More resistance is less load??

Good responses by the others above, except that the reference to E/IR should be E = IR (meaning E equals I multiplied by R). (E is commonly used in the context of Ohm’s Law to denote volts, and means the same thing in that context as V).

So when Ghosthouse referred to V/I = R, he was correct. By simple algebra V/I = R is equivalent to V (or E) = I x R = IR.

Regarding the voltages that are typically provided to speakers, for a resistive load:

Power = (I squared) x R = (E squared)/R
where, for example, P is expressed in watts, I in amps, R in ohms, and E in volts.

Therefore E = (Square root (P x R)).

So for example 100 watts into an 8 ohm resistive load corresponds to:

Square root (100 x 8) = 28.28 volts.

Regards,
-- Al

In other words, think of the flow of electrons like a water hose as someone already mentioned. The less resistance, the more flow and therefore the more draw on the amplifier to push those electrons through the wires. The more draw, the harder the amplifier has to work. It's rather counter intuitive unless you think about it in those terms. 

Thanks this is very helpful. I agree falconquest it is counter-intuitive, but the equations and explanations are clear & helpful. I have some clarity now.

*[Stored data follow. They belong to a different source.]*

(* A C[partial]-module is a C-vector space with a C-linear endomorphism dd. *)
(* The lambda-bracket [a_lambda b] is  br a b  (coefficient list in lambda).*)
Record NLCA := MkNLCA {
  car :> lmodType CC;
  dd : car -> car;
  dd_lin : lin dd;
  br : car -> car -> seq car;
  br_linl : forall (k : CC) a b c n,
    nth 0 (br (k *: a + b) c) n = k *: nth 0 (br a c) n + nth 0 (br b c) n;
  br_linr : forall (k : CC) a b c n,
    nth 0 (br c (k *: a + b)) n = k *: nth 0 (br c a) n + nth 0 (br c b) n;
  br_dl : forall a b,
    peq (Pl dd (br (dd a) b)) (tneg (tmulX (Pl dd (br a b))));
  br_dr : forall a b,
    peq (Pl dd (br a (dd b))) (tmap dd (Pl dd (br a b)) ++ tmulX (Pl dd (br a b)));
  (* [a_lambda b] = - [b_{-partial-lambda} a] *)
  br_skew : forall a b,
    peq (Pl dd (br a b)) (tneg (subst dd (br b a) (-1) 0 (-1)));
  (* [a_lambda [b_mu c]] = [[a_lambda b]_{lambda+mu} c] + [b_mu [a_lambda c]] *)
  br_jacobi : forall a b c,
    peq (bind (Pm dd (br b c)) (fun x => Pl dd (br a x)))
        (bind (Pl dd (br a b)) (fun x => subst dd (br x c) 1 1 0)
         ++ bind (Pl dd (br a c)) (fun x => Pm dd (br b x)));
  nij : car -> car;
  nij_lin : lin nij;
  nij_dd : forall x, nij (dd x) = dd (nij x);
  nij_cond : forall p q,
    peq (Pl dd (br (nij p) (nij q)))
        (tmap nij (Pl dd (br (nij p) q) ++ Pl dd (br p (nij q))
                   ++ tneg (tmap nij (Pl dd (br p q)))))
}.

Definition cdlin (A B : NLCA) (f : A -> B) : Prop :=
  lin f /\ (forall x, f (dd x) = dd (f x)).

Definition nhom (A B : NLCA) (f : A -> B) : Prop :=
  cdlin f
  /\ (forall a b n, f (nth 0 (br a b) n) = nth 0 (br (f a) (f b)) n)
  /\ (forall x, f (nij x) = nij (f x)).

Definition is_section (L E : NLCA) (proj : E -> L) (s : L -> E) : Prop :=
  cdlin s /\ (forall p, proj (s p) = p).

Definition is_ext (L H E : NLCA) (inc : H -> E) (proj : E -> L) : Prop :=
  nhom inc /\ nhom proj
  /\ injective inc
  /\ (forall p : L, exists e : E, proj e = p)
  /\ (forall e : E, proj e = 0 <-> exists h : H, inc h = e)
  /\ (exists s : L -> E, is_section proj s).

Definition ext_equiv (L H E E' : NLCA) (inc : H -> E) (proj : E -> L)
    (inc' : H -> E') (proj' : E' -> L) : Prop :=
  exists t : E -> E',
    nhom t /\ (forall h, t (inc h) = inc' h) /\ (forall e, proj' (t e) = proj e).

(* (chi, rho, Phi) is the triple induced by the section s (with H identified
   with inc(H), i.e. the H-valued maps are characterised through inc, which is
   injective):
     chi_lambda(p,q) = [s p_lambda s q]_E - s [p_lambda q]_L,
     rho(p)_lambda h = [s p_lambda h]_E,
     Phi(p) = R (s p) - s (N p). *)
Definition induced (L H E : NLCA) (inc : H -> E) (s : L -> E)
    (chi : L -> L -> seq H) (rho : L -> H -> seq H) (Phi : L -> H) : Prop :=
  (forall p q n, inc (nth 0 (chi p q) n)
                 = nth 0 (br (s p) (s q)) n - s (nth 0 (br p q) n))
  /\ (forall p h n, inc (nth 0 (rho p h) n) = nth 0 (br (s p) (inc h)) n)
  /\ (forall p, inc (Phi p) = nij (s p) - s (nij p)).

Definition cocycle_equiv (L H : NLCA)
    (chi : L -> L -> seq H) (rho : L -> H -> seq H) (Phi : L -> H)
    (chi' : L -> L -> seq H) (rho' : L -> H -> seq H) (Phi' : L -> H) : Prop :=
  exists tau : L -> H,
    cdlin tau
    /\ (forall p h n, nth 0 (rho p h) n - nth 0 (rho' p h) n = nth 0 (br (tau p) h) n)
    (* chi - chi' = [tau p_lambda tau q] - tau [p_lambda q]
                    + rho'(p)_lambda tau q - rho'(q)_{-partial-lambda} tau p *)
    /\ (forall p q : L,
          peq (Pl (@dd H) (chi p q) ++ tneg (Pl (@dd H) (chi' p q)))
              (Pl (@dd H) (br (tau p) (tau q))
               ++ tneg (tmap tau (Pl (@dd L) (br p q)))
               ++ Pl (@dd H) (rho' p (tau q))
               ++ tneg (subst (@dd H) (rho' q (tau p)) (-1) 0 (-1))))
    /\ (forall p, Phi p - Phi' p = nij (tau p) - tau (nij p)).

From HB Require Import structures.
From mathcomp Require Import all_boot all_algebra.
From mathcomp Require Import complex Rstruct.
From Stdlib Require Import ClassicalEpsilon.

Set Implicit Arguments.
Unset Strict Implicit.
Unset Printing Implicit Defensive.
Import GRing.Theory.
Local Open Scope ring_scope.

(* An equivalence t : E -> E' turns the section s of E into the section t o s
   of E' without changing the induced triple, so it suffices to compare the
   triples induced by two sections s, s' of one extension.  Their difference
   s - s' is C[partial]-linear with values in H, giving tau; expanding
   brackets and the Nijenhuis operators with s = s' + tau yields the three
   relations, the cross term [tau(p)_lambda s'(q)] being rewritten as
   -rho'(q)_{-partial-lambda} tau(p) by skew-symmetry. *)

Section LinearMaps.
Variables (A B : lmodType CC) (f : A -> B).
Hypothesis f_lin : lin f.

Lemma lin0 : f 0 = 0.
Proof. by apply: (addrI (f 0)); rewrite addr0 -{1}[f 0]scale1r -f_lin scale1r addr0. Qed.

Lemma linD x y : f (x + y) = f x + f y.
Proof. by rewrite -{1}(scale1r x) f_lin scale1r. Qed.

Lemma linZ k x : f (k *: x) = k *: f x.
Proof. by rewrite -[k *: x]addr0 f_lin lin0 addr0. Qed.

Lemma linN x : f (- x) = - f x.
Proof. by rewrite -scaleN1r linZ scaleN1r. Qed.

Lemma linB x y : f (x - y) = f x - f y.
Proof. by rewrite linD linN. Qed.

Lemma lin_sum (I : Type) (r : seq I) (P : pred I) (F : I -> A) :
  f (\sum_(i <- r | P i) F i) = \sum_(i <- r | P i) f (F i).
Proof. exact: (big_morph f linD lin0). Qed.

End LinearMaps.

Lemma iter_lin0 (A : lmodType CC) (d : A -> A) n : lin d -> iter n d 0 = 0.
Proof. by move=> d_lin; elim: n => //= n ->; apply: lin0. Qed.

Lemma iter_morph (A B : lmodType CC) (f : A -> B) (d : A -> A) (d' : B -> B) n x :
  (forall x, f (d x) = d' (f x)) -> f (iter n d x) = iter n d' (f x).
Proof. by move=> fd; elim: n => //= n <-. Qed.

Lemma cdlin_comp (A B C : NLCA) (f : A -> B) (g : B -> C) :
  cdlin f -> cdlin g -> cdlin (g \o f).
Proof. by move=> [f_lin fd] [g_lin gd]; split=> [k x y|x] /=; rewrite ?f_lin ?g_lin ?fd. Qed.

Lemma cdlinB (A B : NLCA) (f g : A -> B) :
  cdlin f -> cdlin g -> cdlin (fun x => f x - g x).
Proof.
move=> [f_lin fd] [g_lin gd]; split=> [k x y|x].
  by rewrite f_lin g_lin scalerBr opprD addrACA.
by rewrite fd gd (linB (@dd_lin B)).
Qed.

Section BracketAdditivity.
Variables (A : NLCA) (a b c : A) (n : nat).

Lemma brDl : nth 0 (br (a + b) c) n = nth 0 (br a c) n + nth 0 (br b c) n.
Proof. by rewrite -{1}(scale1r a) br_linl scale1r. Qed.

Lemma brDr : nth 0 (br c (a + b)) n = nth 0 (br c a) n + nth 0 (br c b) n.
Proof. by rewrite -{1}(scale1r a) br_linr scale1r. Qed.

Lemma brBl : nth 0 (br (a - b) c) n = nth 0 (br a c) n - nth 0 (br b c) n.
Proof. by rewrite addrC -scaleN1r br_linl scaleN1r addrC. Qed.

End BracketAdditivity.

Section SubstCoefficients.
Variable M : lmodType CC.
Implicit Types (d : M -> M) (f : seq M) (s t : seq (tm M)).

Lemma coef2_cat s t i j : coef2 (s ++ t) i j = coef2 s i j + coef2 t i j.
Proof. exact: big_cat. Qed.

Lemma coef2_tneg s i j : coef2 (tneg s) i j = - coef2 s i j.
Proof. by rewrite /coef2 big_map sumrN. Qed.

Lemma coef2_flatten (T : Type) (F : T -> seq (tm M)) (r : seq T) i j :
  coef2 (flatten [seq F x | x <- r]) i j = \sum_(x <- r) coef2 (F x) i j.
Proof. by rewrite /coef2 big_flatten big_map. Qed.

Definition subst_block d (cl cm cd : CC) (k : nat) (x : M) : seq (tm M) :=
  flatten [seq [seq ((b, c),
            (('C(k, b) * 'C(k - b, c))%N%:R * cl ^+ b * cm ^+ c * cd ^+ (k - b - c))
              *: iter (k - b - c)%N d x)
      | c <- iota 0 (k - b).+1] | b <- iota 0 k.+1].

Lemma subst_flatten d f cl cm cd :
  subst d f cl cm cd
  = flatten [seq subst_block d cl cm cd k (nth 0 f k) | k <- iota 0 (size f)].
Proof. by []. Qed.

Lemma coef2_subst_block0 d cl cm cd k i j :
  lin d -> coef2 (subst_block d cl cm cd k 0) i j = 0.
Proof.
move=> d_lin; rewrite coef2_flatten big1 // => b _.
by rewrite /coef2 big_map big1 // => c _; rewrite iter_lin0 ?scaler0.
Qed.

Lemma coef2_subst_widen n d f cl cm cd i j : lin d -> (size f <= n)%N ->
  coef2 (subst d f cl cm cd) i j
  = \sum_(k < n) coef2 (subst_block d cl cm cd k (nth 0 f k)) i j.
Proof.
move=> d_lin le_f_n; rewrite subst_flatten coef2_flatten.
rewrite [iota _ _](_ : _ = index_iota 0 (size f)) ?big_mkord; last first.
  by rewrite /index_iota subn0.
rewrite (big_ord_widen n (fun k => coef2 (subst_block d cl cm cd k (nth 0 f k)) i j) le_f_n).
rewrite big_mkcond; apply: eq_bigr => k _; case: ltnP => // le_f_k.
by rewrite nth_default ?coef2_subst_block0.
Qed.

Lemma coef2_subst_block_Pl d k (x : M) i j :
  coef2 (subst_block d 1 0 0 k x) i j = if (k == i) && (j == 0)%N then x else 0.
Proof.
rewrite coef2_flatten.
rewrite (eq_big_seq (fun b => if b == k then (if (k == i) && (j == 0)%N then x else 0) else 0)).
  by rewrite -big_mkcond [iota _ _](_ : _ = index_iota 0 k.+1) // big_nat1_eq ltnSn.
move=> b; rewrite mem_iota add0n => /andP[_ le_b_k]; rewrite /coef2 big_map /=.
have [-> | ne_b_k] := eqVneq b k.
  rewrite subnn big_cons big_nil /= binn bin0 muln1 expr1n subn0 !expr0 !mulr1.
  by rewrite scale1r addr0 (eq_sym 0%N).
have lt_b_k : (b < k)%N by rewrite ltn_neqAle ne_b_k -ltnS.
rewrite big1 // => -[|c] _; rewrite !expr0n /=.
  by rewrite subn0 subn_eq0 leqNgt lt_b_k mulr0 scale0r.
by rewrite mulr0 mul0r scale0r.
Qed.

Lemma coef2_Pl d f i j : coef2 (Pl d f) i j = if j == 0%N then nth 0 f i else 0.
Proof.
rewrite /Pl subst_flatten coef2_flatten.
under eq_bigr do rewrite coef2_subst_block_Pl.
case: (j == 0%N); last by rewrite big1 // => k _; rewrite andbF.
under eq_bigr do rewrite andbT.
rewrite -big_mkcond [iota _ _](_ : _ = index_iota 0 (size f)) ?big_nat1_eq; last first.
  by rewrite /index_iota subn0.
by case: ltnP => // le_f_i; rewrite nth_default.
Qed.

End SubstCoefficients.
Lemma coef_hstar j : hs`_j = if (j <= m)%N then h`_(m - j) else 0.
Proof. by rewrite /hstar lead_coef_hpoly invr1 scale1r coef_poly size_hpoly. Qed.

Lemma size_hstar : size hs = m.+1.
Proof.
apply/eqP; rewrite eqn_leq; apply/andP; split.
  by apply/leq_sizeP => j lt_mj; rewrite coef_hstar ifF //; lia.
rewrite ltnNge; apply/negP => /leq_sizeP/(_ m (leqnn m)).
by rewrite coef_hstar leqnn subnn; apply/eqP; case/andP: coef0_hpoly_g_neq0.
Qed.

Lemma hstar_neq0 : hs != 0.
Proof. by rewrite -size_poly_eq0 size_hstar. Qed.

(* The coefficient of x^(m+i) in U h is the dot product of U with x^i h^*(x). *)
Lemma pdot_Xn_hstar (U : {poly L}) i : (size U <= N)%N -> ('X^N - 1) %| U * h ->
  (i < k)%N -> pdot N U ('X^i * hs) = 0.
Proof.
move=> le_UN dvd_Uh lt_ik; have le_kN := leq_k_2n.
have -> : pdot N U ('X^i * hs) = (U * h)`_(m + i).
  rewrite /pdot coefM (big_cat_nat _ (n := (m + i).+1)) //=; last lia.
  rewrite [X in _ + X]big1_seq ?addr0 => [|j /andP[_]]; last first.
    rewrite mem_index_iota => /andP[lt_mij _].
    by rewrite coefXnM coef_hstar !ifF ?mulr0 //; lia.
  rewrite big_mkord; apply: eq_bigr => j _; rewrite coefXnM coef_hstar.
  have [lt_ji | le_ij] := ltnP j i.
    rewrite /= [h`_ _]nth_default ?mulr0 //; rewrite size_hpoly; lia.
  have := ltn_ord j => lt_j_mi; rewrite ifT; last lia.
  by have -> : (m - (j - i) = m + i - j)%N by lia.
have [s Uh] := dvdpP _ _ dvd_Uh.
have le_sm : (size s <= m)%N.
  have [-> | s_neq0] := eqVneq s 0; first by rewrite size_poly0.
  have size_sX : size (s * ('X^N - 1)) = (size s + N)%N.
    by rewrite size_mul ?size_Xn_sub1 ?addnS // -size_poly_eq0 size_Xn_sub1.
  have le_Uh : (size (U * h)%R <= size U + m)%N.
    by apply: leq_trans (size_polyMleq U h) _; rewrite size_hpoly addnS.
  by move: le_Uh; rewrite Uh size_sX; lia.
rewrite Uh mulrBr mulr1 coefB coefMXn ifT; last lia.
by rewrite nth_default ?subrr // (leq_trans le_sm) ?leq_addr.
Qed.

Lemma pdot_hstar_mul (U c : {poly L}) : (size U <= N)%N -> ('X^N - 1) %| U * h ->
  (size c <= k)%N -> pdot N U (c * hs) = 0.
Proof.
move=> le_UN dvd_Uh le_ck; rewrite -(coefK_leq le_ck) poly_mull pdot_sumr.
by rewrite big1 // => i _; rewrite pdot_Xn_hstar ?mulr0.
Qed.

Lemma pdot_code_hstar (a c : {poly L}) : (size c <= k)%N ->
  pdot N ((a * g) %% ('X^N - 1)) (c * hs) = 0.
Proof.
move=> le_ck; apply: pdot_hstar_mul le_ck.
  by rewrite -ltnS -(size_Xn_sub1 L N_gt0) ltn_modp -size_poly_eq0 size_Xn_sub1.
apply/dvdpP; exists (a - (a * g) %/ ('X^N - 1) * h).
have -> : (a * g) %% ('X^N - 1) = a * g - (a * g) %/ ('X^N - 1) * ('X^N - 1).
  by apply/eqP; rewrite eq_sym subr_eq addrC -divp_eq.
by rewrite -hpolyM; ring.
Qed.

almarg has brought up the notion of "power".

Used to be, when I paid attention to these things, 40 watts per channel was 40 watts "RMS".

How is RMS (root mean square I believe) to be understood?

Yes, RMS = root mean square. As you probably realize, the signal provided to a speaker consists of various frequency components each of which is AC (alternating current). Amplifier power capability is defined based on the simplified assumption that the signal consists of a pure sine wave at a single frequency, with that single frequency being anywhere within some range of frequencies, such as 20 Hz to 20 KHz. The RMS value of a sine wave equals its peak (maximum) instantaneous value divided by the square root of 2, or approximately 0.707 x the peak value.

In audio voltages and currents are usually defined on an RMS basis, in part because the amount of power supplied to a resistive load that can be calculated based on RMS voltage and current numbers (even for waveforms that are not sine waves) equals the amount of power that would result from a DC (direct current) voltage and current having the same values, that amount of power in turn being proportional to the amount of heat that is produced when supplied to ("dissipated in") a resistive load.

By the way, one thing that often causes confusion in this context is that the word "peak" can be used to mean two different things. It can refer to the peak (maximum) value of a sine wave or other signal at any instant of time during each of its cycles (corresponding for a sine wave to the RMS value divided by 0.707), or it can refer to the peak (maximum) RMS value that can be reached by that sine wave or other signal during normal (or other) operating conditions.

Kudos for your interest in these matters. Regards,
-- Al